Local authorities are still in a deep financial mess, which is worsening; the MOD is wasting more money than ever; and the Home Office is still chaotic, not fit for purpose and has no idea how many people are in or set to live in the country.
What has happened is that as fewer interims have been involved in Central and Local Government work the amount of fraud, waste, mismanagement and duplication has increased.This is despite the more robust processes and supposedly superior consulting skills of the Big 4 and specialist consultancies like McKinseys. Specialist consultants are charged out to the Government at GBP5,000+ per day.
I seem to remember certain white-haired, very patrician, interims, acting as “devils advocates” and suggesting that they doubted whether interims would have any better effect on this situation than the Big 4 and the Systems Integration Houses /BPO providers. I also remember being told that I was “ranting” and that things were not as bad as I said they were, that everything would come right on the night, that IR35 would not be dramatically extended. They have, just as I predicted, been proved wrong in virtually every single respect as events have unfolded since 2010. These “devils advocates” have also been proved wrong not once but in every year since 2010 when Dr Alf started to highlight these problems and eventually moved to Cyprus, where he can now drink wine while the sun goes down and comment with the benefit of hindsight over situations which were bound to happen.
All of this is sad and would have been unnecessary but for a willingness to lobby and street-fight.
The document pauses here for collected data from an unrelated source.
(* Let $g_0\neq 0$ and let $s_0\in\mathbb{Z}_{\ge0}^{G^+}$ be given by $s_0(g_0)=1$ and $s_0(g)=0$ for $g\in G^+$, $g\neq g_0$. Then $s_0$ is a vertex of $P(G,g_0)$ and it is adjacent to every other vertex of $P(G,g_0)$.
   Context: Let $G$ be a finite abelian group of order $D$ with zero element $0$, and let $G^+=G\setminus\{0\}$. For $g_0\in G$, let $T(G,g_0)$ be the set of vectors $t=(t(g))_{g\in G^+}\in\mathbb{Z}_{\ge 0}^{G^+}$ with $\sum_{g\in G^+}t(g)g=g_0$ (sum computed in $G$). The master corner polyhedron is $P(G,g_0)=\mathrm{conv}\,T(G,g_0)\subset\mathbb{R}^{G^+}$. Two vertices are adjacent if the segment joining them is an edge (one-dimensional face) of $P(G,g_0)$. *)

From HB Require Import structures.
From mathcomp Require Import all_boot all_order all_algebra.
Set Implicit Arguments. Unset Strict Implicit. Unset Printing Implicit Defensive.
Import Order.TTheory GRing.Theory Num.Theory.
Local Open Scope ring_scope.

Definition Gplus (G : finZmodType) : finType := {g : G | g != 0}.

Definition inT (G : finZmodType) (g0 : G) (t : Gplus G -> nat) : Prop :=
  \sum_(g : Gplus G) (val g) *+ t g = g0.

Definition embed (R : realFieldType) (G : finZmodType) (t : Gplus G -> nat)
  : Gplus G -> R := fun g => (t g)%:R.

Definition inP (R : realFieldType) (G : finZmodType) (g0 : G)
  (x : Gplus G -> R) : Prop :=
  exists (n : nat) (lam : 'I_n -> R) (t : 'I_n -> (Gplus G -> nat)),
    [/\ forall i, 0 <= lam i,
        \sum_(i < n) lam i = 1,
        forall i, inT g0 (t i) &
        forall g, x g = \sum_(i < n) lam i * (t i g)%:R].
(* Let $\Sigma$ be a finite alphabet. For any $L \subseteq \Sigma^*$ and $n \ge 0$, the language $L_n = \{w \in \Sigma^* : \mathrm{last}_n(w) \in L\}$ is $(2^{F_L(n)+1}-1)$-suffix testable.
   Context: Fix $a\in\Sigma$; $\mathrm{last}_n(a_1\cdots a_m)=a_{m-n+1}\cdots a_m$ if $n\le m$, else $a^{n-m}a_1\cdots a_m$. A fixed-size sliding window algorithm for $L$ is a sequence $(\mathcal{A}_n)_{n\ge0}$ of deterministic (possibly infinite-state) automata with injective encodings of their states into bit strings, $\mathcal{A}_n$ accepting $L_n$; its space complexity at $n$ is the maximal encoding length of a state of $\mathcal{A}_n$. $F_L(n)$ is the minimal space complexity at $n$ over all such algorithms. A language $K$ is $k$-suffix testable if for all $x,y\in\Sigma^*$ and $z\in\Sigma^k$: $xz\in K\iff yz\in K$. *)

From Stdlib Require Import ClassicalEpsilon.
From mathcomp Require Import all_boot.
From mathcomp Require Import zify.

Set Implicit Arguments.
Unset Strict Implicit.
Unset Printing Implicit Defensive.

Section SlidingWindow.
Variable Sigma : finType.
Variable a : Sigma.

Definition last_n (n : nat) (w : seq Sigma) : seq Sigma :=
  if n <= size w then drop (size w - n) w else nseq (n - size w) a ++ w.

Definition Ln (L : seq Sigma -> Prop) (n : nat) : seq Sigma -> Prop :=
  fun w => L (last_n n w).

(* A deterministic (possibly infinite-state) automaton over Sigma, together
   with an injective encoding of its states into bit strings. *)
Record dfa := DFA {
  state : Type;
  init : state;
  delta : state -> Sigma -> state;
  final : state -> Prop;
  enc : state -> seq bool;
  enc_inj : injective enc }.

Definition run (A : dfa) (w : seq Sigma) : state A := foldl (@delta A) (@init A) w.
Definition accepts (A : dfa) (w : seq Sigma) : Prop := final (run A w).

Definition sliding_window_algorithm (L : seq Sigma -> Prop) (A : nat -> dfa) : Prop :=
  forall n w, accepts (A n) w <-> Ln L n w.

Definition space_le (A : dfa) (k : nat) : Prop :=
  forall q : state A, size (enc q) <= k.

Definition F_bounded (L : seq Sigma -> Prop) (n k : nat) : Prop :=
  exists A : nat -> dfa, sliding_window_algorithm L A /\ space_le (A n) k.

Lemma last_n_rcons n w c :
  last_n n (rcons w c) = behead (rcons (last_n n w) c).
Proof.
rewrite /last_n size_rcons.
case: (leqP n (size w)) => Hn.
  rewrite (leq_trans Hn (leqnSn _)) subSn //.
  by rewrite -add1n -drop_drop drop1 drop_rcons // leq_subr.
case: (ltnP (size w).+1 n) => Hn2.
  have -> : n - size w = (n - (size w).+1).+1 by lia.
  by rewrite /= rcons_cat.
have -> : n = (size w).+1 by lia.
by rewrite subnn drop0 subSn // subnn.
Qed.

Lemma size_last_n n w : size (last_n n w) = n.
Proof.
rewrite /last_n; case: leqP => H.
  by rewrite size_drop; lia.
by rewrite size_cat size_nseq; lia.
Qed.

Section Witness.
Variable L : seq Sigma -> Prop.
Variable m : nat.

Definition wstate := m.-tuple Sigma.

Lemma size_wdelta (t : wstate) c : size (behead (rcons t c)) == m.
Proof. by rewrite size_behead size_rcons size_tuple. Qed.

Definition wdelta (t : wstate) (c : Sigma) : wstate := Tuple (size_wdelta t c).

Lemma size_winit : size (nseq m a) == m.
Proof. by rewrite size_nseq. Qed.

Definition wenc (t : wstate) : seq bool := [seq x == t | x <- enum {: m.-tuple Sigma}].

Lemma wenc_inj : injective wenc.
Proof.
move=> t u /eq_in_map H.
by apply/eqP; rewrite -(H t) ?eqxx // mem_enum.
Qed.

Definition wdfa : dfa :=
  @DFA wstate (Tuple size_winit) wdelta (fun t => L t) wenc wenc_inj.

Lemma wrun w : val (run wdfa w) = last_n m w.
Proof.
elim/last_ind: w => [|w c IH].
  rewrite /run /= /last_n /=.
  by case: m => [|k] //=; rewrite cats0.
by rewrite /run foldl_rcons /= -/(run wdfa w) IH last_n_rcons.
Qed.

Lemma wspace : space_le wdfa #|{: m.-tuple Sigma}|.
Proof. by move=> q; rewrite /= /wenc size_map -cardE. Qed.
End Witness.

Lemma F_bounded_ex L n : exists k, F_bounded L n k.
Proof.
exists #|{: n.-tuple Sigma}|; exists (fun m => wdfa L m); split.
  by move=> m w; rewrite /accepts /Ln /= -(wrun L).
exact: wspace.
Qed.

Definition F_boundedb L n k : bool :=
  if excluded_middle_informative (F_bounded L n k) then true else false.

Lemma F_boundedb_ex L n : exists k, F_boundedb L n k.
Proof.
have [k Hk] := F_bounded_ex L n; exists k.
by rewrite /F_boundedb; case: excluded_middle_informative.
Qed.

Definition F_L (L : seq Sigma -> Prop) (n : nat) : nat := ex_minn (F_boundedb_ex L n).

Definition suffix_testable (K : seq Sigma -> Prop) (k : nat) : Prop :=
  forall x y z : seq Sigma, size z = k -> (K (x ++ z) <-> K (y ++ z)).

End SlidingWindow.

From mathcomp Require Import all_boot boolp zify.
From Stdlib Require Import ClassicalEpsilon.

Set Implicit Arguments.
Unset Strict Implicit.
Unset Printing Implicit Defensive.

(** Call u and v j-equivalent for a language K when K cannot tell uw from vw
   for any extension w of length at least j.  These relations coarsen as j
   grows, 0-equivalence is the Myhill-Nerode congruence of K, and for
   K = L_n the n-equivalence is total.  Once two consecutive levels coincide,
   all higher levels coincide as well; so if K were not N-suffix testable,
   each of the N steps from level N down to level 0 would strictly refine
   the relation, and 0-equivalence would have at least N + 2 classes.  A sliding window
   algorithm whose states have encodings of length at most k has fewer than
   2^(k+1) states, and words reaching the same state are 0-equivalent. *)

(* The binary numeral 1s, least significant bit first: the leading 1 makes
   it injective on bit strings of all lengths. *)
Fixpoint nat_of_bits (s : seq bool) : nat :=
  if s is b :: s' then b + (nat_of_bits s').*2 else 1.

Lemma nat_of_bits_gt0 s : 0 < nat_of_bits s.
Proof. by elim: s => //= b s IH; case: b => /=; lia. Qed.

Lemma nat_of_bits_lt s : nat_of_bits s < 2 ^ (size s).+1.
Proof. by elim: s => //= b s IH; rewrite expnS; case: b => /=; lia. Qed.

Lemma nat_of_bits_inj : injective nat_of_bits.
Proof.
elim=> [|b1 s1 IH] [|b2 s2] /=.
- by [].
- by have := nat_of_bits_gt0 s2; case: b2 => /=; lia.
- by have := nat_of_bits_gt0 s1; case: b1 => /=; lia.
move=> eq12; have eq_b : b1 = b2 by case: b1 b2 eq12 => [] [] /=; lia.
by subst b2; congr (_ :: _); apply: IH; case: b1 eq12 => /=; lia.
Qed.

Section Refinement.
Variables (T : Type) (e e' : rel T).
Hypotheses (e'_sym : symmetric e') (e'_trans : transitive e').

Lemma count_rel_le1 S u :
  pairwise (fun s t => ~~ e' s t) S -> count (e'^~ u) S <= 1.
Proof.
elim: S => //= s S IH /andP[sep_s /IH {}IH].
case: (boolP (e' s u)) => [e'su|_]; last by rewrite add0n.
rewrite add1n ltnS leqNgt -has_count -all_predC.
apply: sub_all sep_s => t; apply: contraNN => e'tu.
by apply: e'_trans e'su _; rewrite e'_sym.
Qed.

(* Splitting one e'-class into two e-classes: keep the e'-separated words
   that are not e'-related to u, and add u and v. *)
Lemma pairwise_refine S u v :
  subrel e e' -> pairwise (fun s t => ~~ e' s t) S -> e' u v -> ~~ e u v ->
  exists2 S', pairwise (fun s t => ~~ e s t) S' & size S < size S'.
Proof.
move=> ee' sepS e'uv neuv; pose F := filter (predC (e'^~ u)) S.
have sep_u : all (fun s => ~~ e u s) F.
  rewrite all_filter; apply: sub_all (all_predT S) => s _ /=.
  by apply/implyP; apply: contraNN => /ee'; rewrite e'_sym.
have sep_v : all (fun s => ~~ e v s) F.
  rewrite all_filter; apply: sub_all (all_predT S) => s _ /=.
  apply/implyP; apply: contraNN => /ee' e'vs.
  by rewrite e'_sym; apply: e'_trans e'uv e'vs.
exists [:: u, v & F].
  rewrite /= neuv sep_u sep_v; apply: pairwise_filter.
  by apply: sub_pairwise sepS => s t; apply: contraNN (ee' s t).
have := count_rel_le1 u sepS; have := count_predC (e'^~ u) S.
by rewrite /= size_filter; lia.
Qed.

End Refinement.

Section Nerode.
Variables (T : Type) (K : seq T -> Prop).

Definition nerode (j : nat) : rel (seq T) := fun u v =>
  `[< forall w, j <= size w -> (K (u ++ w) <-> K (v ++ w)) >].

Lemma nerode_sym j : symmetric (nerode j).
Proof.
suff imp : forall u v, nerode j u v -> nerode j v u.
  by move=> u v; apply/idP/idP; apply: imp.
by move=> u v /asboolP uv; apply/asboolP => w jw; apply: iff_sym (uv w jw).
Qed.

Lemma nerode_trans j : transitive (nerode j).
Proof.
move=> v u t /asboolP uv /asboolP vt; apply/asboolP => w jw.
by rewrite (uv w jw); apply: vt.
Qed.

Lemma nerode_mono j j' : j <= j' -> subrel (nerode j) (nerode j').
Proof.
move=> jj' u v /asboolP uv; apply/asboolP => w j'w.
by apply: uv; apply: leq_trans j'w.
Qed.

Lemma nerodeS j u v :
  nerode j.+1 u v <-> forall c, nerode j (rcons u c) (rcons v c).
Proof.
split=> [/asboolP uv c | ucvc].
  by apply/asboolP => w jw; rewrite -!cats1 -!catA; apply: uv.
apply/asboolP => -[|c w] //= jw.
by move/asboolP: (ucvc c) => /(_ w jw); rewrite -!cats1 -!catA.
Qed.

Lemma nerode_collapseS j :
  subrel (nerode j.+1) (nerode j) -> subrel (nerode j.+2) (nerode j.+1).
Proof. by move=> collapse u v /nerodeS uv; apply/nerodeS => c; apply/collapse. Qed.

Lemma nerode_collapse j :
  subrel (nerode j.+1) (nerode j) -> forall i, subrel (nerode (i + j)) (nerode j).
Proof.
move=> collapse i; suff step k : subrel (nerode (k + j).+1) (nerode (k + j)).
  by elim: i => // i IH u v /step; apply: IH.
by elim: k => // k IH; apply: nerode_collapseS.
Qed.

Variable n : nat.
Hypothesis nerode_total : forall u v, nerode n u v.

Lemma nerode_split j N x y :
  j < N -> ~~ nerode N x y -> exists u v, nerode j.+1 u v && ~~ nerode j u v.
Proof.
move=> jN /negP nxy; apply: contrapT => no_split; apply: nxy.
have collapse : subrel (nerode j.+1) (nerode j).
  move=> u v uv; apply: contrapT => /negP nuv.
  by apply: no_split; exists u, v; rewrite uv.
apply: (nerode_mono (ltnW jN)); apply: (nerode_collapse (i := n) collapse).
exact: (nerode_mono (leq_addr j n)).
Qed.

Lemma nerode_chain N x y : ~~ nerode N x y -> forall d j, j + d = N ->
  exists2 S, pairwise (fun s t => ~~ nerode j s t) S & d + 2 <= size S.
Proof.
move=> nxy; elim=> [|d IH] j jdN.
  by rewrite addn0 in jdN; subst j; exists [:: x; y]; rewrite /= ?nxy.
have [S sepS szS] := IH j.+1 ltac:(lia).
have [u [v /andP[uv nuv]]] := nerode_split (j := j) (N := N) ltac:(lia) nxy.
have [S' sepS' szS'] :=
  pairwise_refine (@nerode_sym j.+1) (@nerode_trans j.+1)
    (nerode_mono (leqnSn j)) sepS uv nuv.
by exists S' => //; lia.
Qed.

End Nerode.

Lemma suffix_testable_nerode (Sigma : finType) (K : seq Sigma -> Prop) j :
  (forall u v, nerode K j u v) -> suffix_testable K j.
Proof. by move=> total x y z jz; move/asboolP: (total x y); apply; rewrite jz. Qed.

(* The hypotheses on g say that the Myhill-Nerode congruence of K has at
   most m classes. *)
Lemma suffix_testable_of_index (Sigma : finType) (K : seq Sigma -> Prop) n m
    (g : seq Sigma -> nat) :
  (forall u v, nerode K n u v) -> (forall u, g u < m) ->
  (forall u v, g u = g v -> nerode K 0 u v) ->
  suffix_testable K (m - 1).
Proof.
move=> total g_lt g_nerode; apply: suffix_testable_nerode => x y.
apply: contrapT => /negP nxy.
have [S sepS szS] := nerode_chain total nxy (erefl (0 + (m - 1))).
have uniq_gS : uniq (map g S).
  rewrite uniq_pairwise pairwise_map; apply: sub_pairwise sepS => s t.
  by apply: contraNN => /eqP /g_nerode.
have sub_gS : {subset map g S <= iota 0 m}.
  by move=> _ /mapP[s _ ->]; rewrite mem_iota g_lt.
by have := uniq_leq_size uniq_gS sub_gS; rewrite size_map size_iota; lia.
Qed.

Lemma last_n_cat (Sigma : finType) (a : Sigma) n u w :
  n <= size w -> last_n a n (u ++ w) = last_n a n w.
Proof.
move=> nw; rewrite /last_n size_cat nw (leq_trans nw (leq_addl _ _)).
by rewrite drop_cat -addnBA // ltnNge leq_addr addKn.
Qed.

Lemma nerode_Ln (Sigma : finType) (a : Sigma) L n u v : nerode (Ln a L n) n u v.
Proof. by apply/asboolP => w nw; rewrite /Ln !last_n_cat. Qed.

Lemma nerode_run (Sigma : finType) (K : seq Sigma -> Prop) (A : dfa Sigma) u v :
  (forall w, accepts A w <-> K w) -> run A u = run A v -> nerode K 0 u v.
Proof.
move=> AK uv; apply/asboolP => w _.
by rewrite -!AK /accepts /run !foldl_cat -/(run A u) -/(run A v) uv.
Qed.

Lemma F_L_spec (Sigma : finType) (a : Sigma) L n : F_bounded a L n (F_L a L n).
Proof.
rewrite /F_L; case: ex_minnP => k + _.
by rewrite /F_boundedb; case: excluded_middle_informative.
Qed.

Theorem theorem6p3 (Sigma : finType) (a : Sigma) (L : seq Sigma -> Prop) (n : nat) :
  suffix_testable (Ln a L n) (2 ^ (F_L a L n).+1 - 1).
Proof.
have [A [swA spaceA]] := F_L_spec a L n.
pose g u := nat_of_bits (enc (run (A n) u)).
apply: (@suffix_testable_of_index _ _ n _ g).
- exact: nerode_Ln.
- move=> u; apply: leq_trans (nat_of_bits_lt _) _.
  by rewrite leq_pexp2l // ltnS spaceA.
- by move=> u v /nat_of_bits_inj /enc_inj; apply: nerode_run (swA n).
Qed.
Dr Alf, myself and a handful of hardened professionals formed a political action committee (PAC) but the industry lacked to stomach to fight their corner. The executive interim management industry had it’s golden years but they have long since passed. These days interim CEOs, CFOs, CIOs, CMOs etc., are just commodities in a globalized market-place. They are contingency workers, just like contract nurses, or IT project managers.